The problem:
Please return, word for word, the line containing "From mathcomp Require Import reals complex." and each line after it through the end of the data below, and nothing else.

Material to process:
(* Let $p,q,r,s\in\mathbb{C}$ with $r\neq s^2$, $q\neq s^3$, or $p\neq s^4$, and let $\delta$ be the rational space quartic in $\mathbb{C}\mathbb{P}^3$ parametrised by $t\mapsto[t^4-p,\,t^3+q,\,t^2-r,\,t+s]$, and suppose $\delta$ is of the first species. Identify $\mathbb{C}\mathbb{P}^1$ with $\mathbb{C}\cup\{\infty\}$. If $\delta$ is nodal, then there exists a parametrisation $\varphi:\mathbb{C}\mathbb{P}^1\to\delta$ such that $\varphi(0)=\varphi(\infty)$ is the node of $\delta$, and any four points $\varphi(t_1),\varphi(t_2),\varphi(t_3),\varphi(t_4)$ on $\delta\setminus\{\varphi(0)\}$ are coplanar if and only if $t_1t_2t_3t_4=1$. If $\delta$ is cuspidal, then there exists a parametrisation $\varphi:\mathbb{C}\mathbb{P}^1\to\delta$ such that $\varphi(\infty)$ is the cusp of $\delta$, and any four points $\varphi(t_1),\varphi(t_2),\varphi(t_3),\varphi(t_4)$ on $\delta\setminus\{\varphi(\infty)\}$ are coplanar if and only if $t_1+t_2+t_3+t_4=0$.
   Context: A space quartic is an irreducible non-planar curve of degree $4$ in $\mathbb{C}\mathbb{P}^3$; it is of the first species if it is contained in more than one quadric surface. A rational space quartic of the first species has exactly one singular point, which is either a node or a cusp. *)

From mathcomp Require Import all_boot all_algebra.
From mathcomp Require Import reals complex.
Set Implicit Arguments. Unset Strict Implicit. Unset Printing Implicit Defensive.
Import GRing.Theory Num.Theory.
Local Open Scope ring_scope.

Reply to the task:
From mathcomp Require Import reals complex.
Set Implicit Arguments. Unset Strict Implicit. Unset Printing Implicit Defensive.
Import GRing.Theory Num.Theory.
Local Open Scope ring_scope.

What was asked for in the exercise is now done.